Letter:
The COVID-19 pandemic will certainly become a defining moment of the decade and possibly the century. Globally, we have been forced to adapt to a new normal that involves “social distancing,” “shelter-in-place” orders, citizens required to wear personal protective equipment in public, and navigating an economic shutdown. At the time of writing, the United States has surpassed 1 million confirmed cases of COVID-19, and 50,000 deaths in the period of only 2 months.1 The concept of “social distancing” is not new and has been shown to be an effective means to control the spread of highly contagious respiratory pathogens in the past.2 To advance this goal, medical students in the United States have been recommended by the Association of American Medical Colleges to not report for clinical clerkships since mid-March of this year.3 Recent work by Lewis et al.4 summarized how resident neurosurgical education has evolved to meet the needs of residents unable to attend face-to-face meetings.
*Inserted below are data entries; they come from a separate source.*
(* For every $q\in\mathbb N$, \[ \frac{2^{4q}}{2q\binom{2q}{q}}=\sum_{l=0}^{q} \binom{2l}{l} \binom{2q-2l}{q-l} \frac{1}{(2l-1)^2}. \] *)

From mathcomp Require Import all_boot all_order all_algebra.
Set Implicit Arguments. Unset Strict Implicit. Unset Printing Implicit Defensive.

From mathcomp Require Import all_boot all_order all_algebra.
From mathcomp Require Import ring zify.
Import GRing.Theory Num.Theory.
Local Open Scope ring_scope.

(* Both sides satisfy (2q+1) x(q+1) = 8q x(q) for q >= 1 and agree at q = 1.
   For the closed form this is the ratio of consecutive central binomial
   coefficients.  For the sum S(q) = \sum_(l <= q) f(q,l) it is Zeilberger's
   creative telescoping: with the certificate g(q,l) = R(q,l) f(q+1,l), where
   R(q,l) = l (2l-1) (q+2-2l) / (q (q+1)), one has
   (2q+1) f(q+1,l) - 8q f(q,l) = g(q,l+1) - g(q,l) for l <= q; summing over
   l <= q, the boundary terms g(q,0) = 0 and g(q,q+1) = -(2q+1) f(q+1,q+1)
   account exactly for the extra summand of S(q+1). *)

Lemma mul_bin_centralS n :
  (n.+1 * 'C((n.+1).*2, n.+1) = 2 * (n.*2).+1 * 'C(n.*2, n))%N.
Proof.
have sym : 'C((n.*2).+1, n.+1) = 'C((n.*2).+1, n).
  have le_n_2n : (n <= (n.*2).+1)%N by lia.
  by rewrite -(bin_sub le_n_2n) -addnn subSn ?leq_addr // addnK.
by rewrite doubleS binS sym addnn -mul2n mulnCA -sym -mul_bin_diag mulnA.
Qed.

Lemma eq_from_recurrence (R : idomainType) (a b u v : nat -> R) :
  (forall n, (0 < n)%N -> a n != 0) ->
  (forall n, (0 < n)%N -> a n * u n.+1 = b n * u n) ->
  (forall n, (0 < n)%N -> a n * v n.+1 = b n * v n) ->
  u 1%N = v 1%N -> forall n, (0 < n)%N -> u n = v n.
Proof.
move=> a_neq0 u_rec v_rec uv1; elim=> [//|[//|n] IHn] _.
by apply: (mulfI (a_neq0 n.+1 isT)); rewrite u_rec // v_rec // IHn.
Qed.

Section CentralBinomialConvolution.
Variable F : numFieldType.

Lemma natr_doubleB1_neq0 n : (2 * n)%:R - 1 != 0 :> F.
Proof. by rewrite subr_eq0 pnatr_eq1; apply/eqP; lia. Qed.

Lemma central_binS n :
  'C(2 * n.+1, n.+1)%:R = (2 * (2 * n).+1)%:R / n.+1%:R * 'C(2 * n, n)%:R :> F.
Proof.
apply: (mulfI (_ : n.+1%:R != 0 :> F)); first by rewrite pnatr_eq0.
rewrite mulrA mulrCA divff ?pnatr_eq0 // mulr1 -!natrM.
by rewrite [(2 * n.+1)%N]mul2n [(2 * n)%N]mul2n mul_bin_centralS.
Qed.

Definition closed_form (q : nat) : F :=
  (2 ^ (4 * q))%:R / ((2 * q)%:R * 'C(2 * q, q)%:R).

Definition conv_term (q l : nat) : F :=
  'C(2 * l, l)%:R * 'C(2 * (q - l), q - l)%:R / ((2 * l)%:R - 1) ^+ 2.

Definition conv_sum (q : nat) : F := \sum_(0 <= l < q.+1) conv_term q l.

Definition wz_cert (q l : nat) : F :=
  l%:R * ((2 * l)%:R - 1) * ((q + 2)%:R - (2 * l)%:R) / (q%:R * q.+1%:R)
  * conv_term q.+1 l.

Lemma closed_formS q : (0 < q)%N ->
  (2 * q).+1%:R * closed_form q.+1 = (8 * q)%:R * closed_form q.
Proof.
move=> q_gt0; rewrite /closed_form central_binS mulnS expnD.
field.
by rewrite -natrM !nat1r !pnatr_eq0 -!lt0n bin_gt0 leq_pmull ?q_gt0.
Qed.

Lemma wz_pair q l : (0 < q)%N -> (l <= q)%N ->
  (2 * q).+1%:R * conv_term q.+1 l - (8 * q)%:R * conv_term q l
  = wz_cert q l.+1 - wz_cert q l.
Proof.
move=> q_gt0 /subnKC def_q; rewrite -{}def_q in q_gt0 *.
move: (q - l)%N q_gt0 => k lk_gt0.
rewrite /wz_cert /conv_term subSS subSn ?leq_addr // !addKn !central_binS.
field.
by rewrite -!natrD !nat1r -!natrM !natr_doubleB1_neq0 !pnatr_eq0 -(lt0n (l + k)) lk_gt0.
Qed.

Lemma wz_cert0 q : wz_cert q 0 = 0.
Proof. by rewrite /wz_cert !mul0r. Qed.

Lemma wz_cert_last q : (0 < q)%N ->
  wz_cert q q.+1 = - ((2 * q).+1%:R * conv_term q.+1 q.+1).
Proof.
move=> q_gt0; rewrite /wz_cert.
field.
by rewrite nat1r !pnatr_eq0 -!lt0n q_gt0.
Qed.

Lemma conv_sumS q : (0 < q)%N ->
  (2 * q).+1%:R * conv_sum q.+1 = (8 * q)%:R * conv_sum q.
Proof.
move=> q_gt0.
have tele : \sum_(0 <= l < q.+1)
    ((2 * q).+1%:R * conv_term q.+1 l - (8 * q)%:R * conv_term q l)
    = wz_cert q q.+1 - wz_cert q 0.
  by apply: telescope_sumr_eq => // l /andP[_ /ltnSE]; exact: wz_pair.
rewrite sumrB -!mulr_sumr wz_cert_last // wz_cert0 subr0 in tele.
rewrite /conv_sum big_nat_recr //= mulrDr.
by rewrite -[_ * conv_term q.+1 q.+1]opprK -tele opprB addrC subrK.
Qed.

Lemma conv_sum1 : conv_sum 1 = closed_form 1.
Proof.
rewrite /conv_sum /closed_form !big_nat_recr //= big_geq // /conv_term.
by rewrite !(mul0n, muln1, subn0, subnn, bin0, bin1) natrX; field.
Qed.

End CentralBinomialConvolution.

Theorem lemma5p3 (q : nat) (hq : (1 <= q)%N) :
  (2 ^ (4 * q))%:R / ((2 * q)%:R * ('C(2 * q, q))%:R)
  = \sum_(0 <= l < q.+1)
      ('C(2 * l, l))%:R * ('C(2 * q - 2 * l, q - l))%:R
        / (((2 * l)%:R - 1) ^+ 2) :> rat.
Proof.
have -> : \sum_(0 <= l < q.+1)
    'C(2 * l, l)%:R * 'C(2 * q - 2 * l, q - l)%:R / ((2 * l)%:R - 1) ^+ 2
    = conv_sum rat q.
  by apply: eq_bigr => l _; rewrite /conv_term mulnBr.
rewrite -[LHS]/(closed_form rat q).
apply: (@eq_from_recurrence _ (fun n => (2 * n).+1%:R) (fun n => (8 * n)%:R)) hq.
- by move=> n _; rewrite pnatr_eq0.
- exact: closed_formS.
- exact: conv_sumS.
- by rewrite conv_sum1.
Qed.
(* Let $G$ be a reaction network whose stoichiometric subspace is one-dimensional, and suppose $cap_{pos}(G)<+\infty$. Then there exist a rate-constant vector $\kappa$ and a total-constant vector $c$ such that $G$ has $cap_{pos}(G)$ positive steady states in the stoichiometric compatibility class $\mathcal P_c$, of which $cap_{stab}(G)$ are stable.
   Context: A reaction network $G$ has species $X_1,\dots,X_s$ and $m$ reactions $\sum_{i}\alpha_{ij}X_i\to\sum_i\beta_{ij}X_i$ ($j=1,\dots,m$), with $\alpha_{ij},\beta_{ij}\in\mathbb Z_{\ge0}$ and $(\alpha_{1j},\dots,\alpha_{sj})\neq(\beta_{1j},\dots,\beta_{sj})$. The stoichiometric matrix $\mathcal N$ has entries $\beta_{ij}-\alpha_{ij}$; its image $S$ is the stoichiometric subspace. For $\kappa\in\mathbb R^m_{>0}$, mass-action kinetics gives $\dot x=f(\kappa;x)=\mathcal N(\kappa_1\prod_i x_i^{\alpha_{i1}},\dots,\kappa_m\prod_i x_i^{\alpha_{im}})^\top$. When $S$ is one-dimensional, species are labelled so that $\beta_{11}-\alpha_{11}\ne0$, and for $c\in\mathbb R^{s-1}$ the stoichiometric compatibility class is $\mathcal P_c=\{x\in\mathbb R^s_{\ge0}:(\beta_{i1}-\alpha_{i1})x_1-(\beta_{11}-\alpha_{11})x_i=c_{i-1},\ i=2,\dots,s\}$. A steady state is $x\in\mathbb R^s_{\ge0}$ with $f(\kappa;x)=0$; positive if $x\in\mathbb R^s_{>0}$; nondegenerate if $\mathrm{Jac}_f(x)(S)=S$; stable if nondegenerate and all nonzero eigenvalues of $\mathrm{Jac}_f(x)$ have negative real parts. $G$ admits $N$ (resp. stable) positive steady states if for some $\kappa$ and $c$ it has $N$ such positive steady states in $\mathcal P_c$; $cap_{pos}(G)$ and $cap_{stab}(G)$ are the maxima of such $N$ in $\mathbb Z_{\ge0}\cup\{+\infty\}$. *)

From HB Require Import structures.
From mathcomp Require Import all_boot all_order all_algebra.
From mathcomp Require Import reals.
From mathcomp.real_closed Require Import complex.
Set Implicit Arguments. Unset Strict Implicit. Unset Printing Implicit Defensive.
Import Order.TTheory GRing.Theory Num.Theory.
Local Open Scope ring_scope.

(* A reaction network with n species X_0..X_{n-1} and m reactions is given by
   the reactant / product complexes alpha, beta : 'M[nat]_(n, m) (column j is
   the reaction j).  Index 0 plays the role of the paper's index 1. *)
Definition is_network (n m : nat) (alpha beta : 'M[nat]_(n, m)) : Prop :=
  forall j : 'I_m, exists i : 'I_n, alpha i j <> beta i j.

Section MassAction.
Variables (R : realType) (n m : nat) (alpha beta : 'M[nat]_(n, m)).

Definition stoich : 'M[R]_(n, m) :=
  \matrix_(i, j) ((beta i j)%:R - (alpha i j)%:R).

(* the stoichiometric subspace S = Im N, as a row space (rows of N^T) *)
Definition stoich_dim : nat := \rank (stoich^T).

Definition monom (j : 'I_m) (x : 'cV[R]_n) : R :=
  \prod_(i < n) x i 0 ^+ alpha i j.

Definition dmonom (j : 'I_m) (k : 'I_n) (x : 'cV[R]_n) : R :=
  (alpha k j)%:R * x k 0 ^+ (alpha k j).-1 *
  \prod_(i < n | i != k) x i 0 ^+ alpha i j.

Definition mass_action (kappa : 'cV[R]_m) (x : 'cV[R]_n) : 'cV[R]_n :=
  stoich *m \col_j (kappa j 0 * monom j x).

Definition jac (kappa : 'cV[R]_m) (x : 'cV[R]_n) : 'M[R]_n :=
  \matrix_(i, k) \sum_(j < m) stoich i j * kappa j 0 * dmonom j k x.

Definition pos_vec (p : nat) (v : 'cV[R]_p) : Prop := forall i, 0 < v i 0.
Definition nonneg_vec (p : nat) (v : 'cV[R]_p) : Prop := forall i, 0 <= v i 0.

Definition steady_state (kappa : 'cV[R]_m) (x : 'cV[R]_n) : Prop :=
  nonneg_vec x /\ mass_action kappa x = 0.

Definition pos_steady_state (kappa : 'cV[R]_m) (x : 'cV[R]_n) : Prop :=
  steady_state kappa x /\ pos_vec x.

(* nondegenerate: Jac_f(x)(S) = S.  With S the row space of N^T, the image
   J(S) is the row space of N^T J^T. *)
Definition nondegenerate (kappa : 'cV[R]_m) (x : 'cV[R]_n) : bool :=
  (stoich^T *m (jac kappa x)^T == stoich^T)%MS.

Definition stable (kappa : 'cV[R]_m) (x : 'cV[R]_n) : Prop :=
  nondegenerate kappa x /\
  forall lam : R[i],
    eigenvalue (map_mx (fun r : R => (r%:C)%C) (jac kappa x)) lam ->
    lam != 0 -> complex.Re lam < 0.

Definition has_card (T : eqType) (P : T -> Prop) (k : nat) : Prop :=
  exists s : seq T, [/\ uniq s, forall x, P x <-> x \in s & size s = k].

End MassAction.

Section OneDim.
Variables (R : realType) (s m : nat) (alpha beta : 'M[nat]_(s.+1, m.+1)).
(* One-dimensional case; species/reactions labelled so that
   beta_{11} - alpha_{11} <> 0 (here: index ord0).  For c in R^{s}
   (the paper's R^{s-1} with s+1 species here), the stoichiometric
   compatibility class P_c: *)
Definition compat_class (c : 'cV[R]_s) (x : 'cV[R]_s.+1) : Prop :=
  nonneg_vec x /\
  forall i : 'I_s,
    stoich R alpha beta (lift ord0 i) ord0 * x ord0 0
    - stoich R alpha beta ord0 ord0 * x (lift ord0 i) 0 = c i 0.

Definition pos_ss_in (kappa : 'cV[R]_m.+1) (c : 'cV[R]_s) (x : 'cV[R]_s.+1)
  : Prop := pos_steady_state alpha beta kappa x /\ compat_class c x.

Definition stab_pos_ss_in (kappa : 'cV[R]_m.+1) (c : 'cV[R]_s)
  (x : 'cV[R]_s.+1) : Prop :=
  pos_ss_in kappa c x /\ stable alpha beta kappa x.

Definition admits (P : 'cV[R]_m.+1 -> 'cV[R]_s -> 'cV[R]_s.+1 -> Prop)
  (k : nat) : Prop :=
  exists kappa c, pos_vec kappa /\ has_card (P kappa c) k.

Definition admits_inf (P : 'cV[R]_m.+1 -> 'cV[R]_s -> 'cV[R]_s.+1 -> Prop)
  : Prop :=
  exists kappa c, pos_vec kappa /\ ~ (exists k, has_card (P kappa c) k).

Definition capacity_is (P : 'cV[R]_m.+1 -> 'cV[R]_s -> 'cV[R]_s.+1 -> Prop)
  (N : nat) : Prop :=
  ~ admits_inf P /\ admits P N /\ forall k, admits P k -> (k <= N)%N.

Definition cap_pos_is (N : nat) : Prop := capacity_is pos_ss_in N.
Definition cap_stab_is (N : nat) : Prop := capacity_is stab_pos_ss_in N.

End OneDim.

From Pilot Require Import Defs.
From HB Require Import structures.
From mathcomp Require Import all_boot all_order all_algebra.
From mathcomp Require Import reals.
From mathcomp.real_closed Require Import complex polyrcf.
From mathcomp Require Import ring lra zify.
From Stdlib Require Import Classical.
Set Implicit Arguments. Unset Strict Implicit. Unset Printing Implicit Defensive.
Import Order.TTheory GRing.Theory Num.Theory.
Local Open Scope ring_scope.

(* When the stoichiometric subspace is the line spanned by v, the mass-action
   field is f = g v for a scalar function g, and parametrizing P_c as x = b + t v
   turns the positive steady states in P_c into the roots of the polynomial
   h(t) = g(b + t v) in the open interval where b + t v > 0; such a root is
   nondegenerate iff h'(t) <> 0 and stable iff h'(t) < 0.  Two consecutive
   simple roots cannot have slopes of the same sign, so among N roots at most
   (N+1)/2 are stable, and at least (N-1)/2 when all of them are simple.
   Perturbing kappa_0 adds a small multiple of a positive monomial to h; with the
   right sign this makes every root simple without losing any, so some
   configuration has N = cap_pos simple roots and at least (N-1)/2 stable ones.
   Either that configuration realizes cap_stab, or cap_stab exceeds its stable
   count and any configuration realizing cap_stab has at least
   2 cap_stab - 1 >= N roots, hence exactly N. *)

Section Enumeration.
Variable T : eqType.
Implicit Types (P : T -> Prop) (s : seq T).
(* Let $\varrho$ be a normalized proximate order of order $\rho>0$. Then for every $0<\sigma'<\sigma$ there exists a constant $C(\sigma,\sigma')$ such that $$\|x^\ell\|_{\varrho,\sigma}\le C(\sigma,\sigma')\frac{G_{\varrho,\ell}}{\sigma'^{\ell/\rho}}\qquad\text{for all }\ell\in\mathbb{N}_0.$$
   Context: Paravectors $x=x_0+\sum_{\ell=1}^nx_\ell e_\ell$ in the Clifford algebra $\mathbb{R}_n$ are identified with $\mathbb{R}^{n+1}$, and $|x|$ is the Euclidean norm; $x^\ell$ is the monomial function. A proximate order is a differentiable $\varrho:[0,\infty)\to[0,\infty)$ with $\lim_{r\to\infty}\varrho(r)=\rho>0$ and $\lim_{r\to\infty}\varrho'(r)r\ln r=0$; normalized means $r\mapsto r^{\varrho(r)}$ is strictly increasing on $(0,\infty)$ and tends to $0$ as $r\to0^+$; $\varphi$ is the inverse of $r\mapsto r^{\varrho(r)}$, and $G_{\varrho,0}=1$, $G_{\varrho,\ell}=\varphi(\ell)^\ell/(e\rho)^{\ell/\rho}$ for $\ell\in\mathbb{N}$. For a function $f$ on $\mathbb{R}^{n+1}$ with values in $\mathbb{R}_n$, $\|f\|_{\varrho,\sigma}=\sup_{x\in\mathbb{R}^{n+1}}|f(x)|e^{-\sigma|x|^{\varrho(|x|)}}$. *)

From HB Require Import structures.
From mathcomp Require Import all_boot all_order all_algebra.
From mathcomp Require Import all_classical all_reals all_analysis.
Set Implicit Arguments. Unset Strict Implicit. Unset Printing Implicit Defensive.
Import Order.TTheory GRing.Theory Num.Theory.
Import numFieldNormedType.Exports.
Local Open Scope classical_set_scope.
Local Open Scope ring_scope.

(* An element is given by its coordinates on the basis e_A, A ⊆ {1..n}
   (here the generators are indexed by 'I_n, i.e. e_{i+1} <-> i : 'I_n). *)
Section Clifford.
Variables (R : realType) (n : nat).

Definition cliff := {ffun {set 'I_n} -> R}.

(* sign of e_A e_B = sign * e_{A Δ B} *)
Definition cl_sign (A B : {set 'I_n}) : R :=
  (-1) ^+ (#|[set p : 'I_n * 'I_n | [&& p.1 \in A, p.2 \in B & (p.2 < p.1)%N]]|
           + #|A :&: B|).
It details a network of virtual conferences, online education resources, and telemedicine visits that allow self-disciplined residents the ability to continue distance learning.4 However, no work to date has examined how undergraduate medical education can adapt to provide continuity of learning for medical students and continue recruitment of students into the field of neurosurgery.
To address this, the Department of Neurosurgery at Emory University School of Medicine has rapidly created a 1-week virtual clerkship that integrates didactics, case discussions, and telemedicine. In this letter, we wish to share our method for developing and delivering this curriculum to the Class of 2022 at our institution, as well as early lessons learned from the first iteration of this course.
Background
At our institution, the Class of 2022 had just begun their core clerkships (what most would call an “M3” student or a “third-year medical student”) in March 2020. Before these students had even reached 2 weeks of clinical coursework, their rotations were suspended without a plan on how to continue facilitating their medical educations. It is imperative that their education continue remotely to ensure an on-time graduation. Furthermore, there is still uncertainty as to when students may be allowed back into clinical settings, a decision that rests on individual schools, as well as local, state, and national governments. A delay in the completion of medical training for an entire class of students would have unforeseen and severe implications in the stability of our nation's medical schools and residency programs.
Virtual learning has been proven as a useful adjuvant to clinical education, and it has been used as a component of medical training during preclinical years.5 , 6 In fact, the use of teleconferences as a component of a surgical clerkship has been shown to increase the opportunity for student learning, and provide a medium to facilitate discussion of clinical cases.7 Others have used techniques, such as virtual reality, live streaming rounds from the hospital, and virtual patients, as a means to remotely educate students and develop their clinical skills.8, 9, 10, 11, 12, 13 During the COVID-19 pandemic, there has been a push to create a temporary fully virtual curriculum for trainees of all levels. Within our field of neurosurgery, the Congress of Neurological Surgeons has provided virtual learning in the form of online grand rounds and virtual visiting professors that provide 2–3 hours per week of didactics from faculty around the country.14 Despite all of these efforts, however, the gaps left in the standard third-year medical student clinical curriculum remains unfilled. Crucially, no medical school has yet reported a virtual class for third-year medical students within the field of neurosurgery that incorporates telemedicine.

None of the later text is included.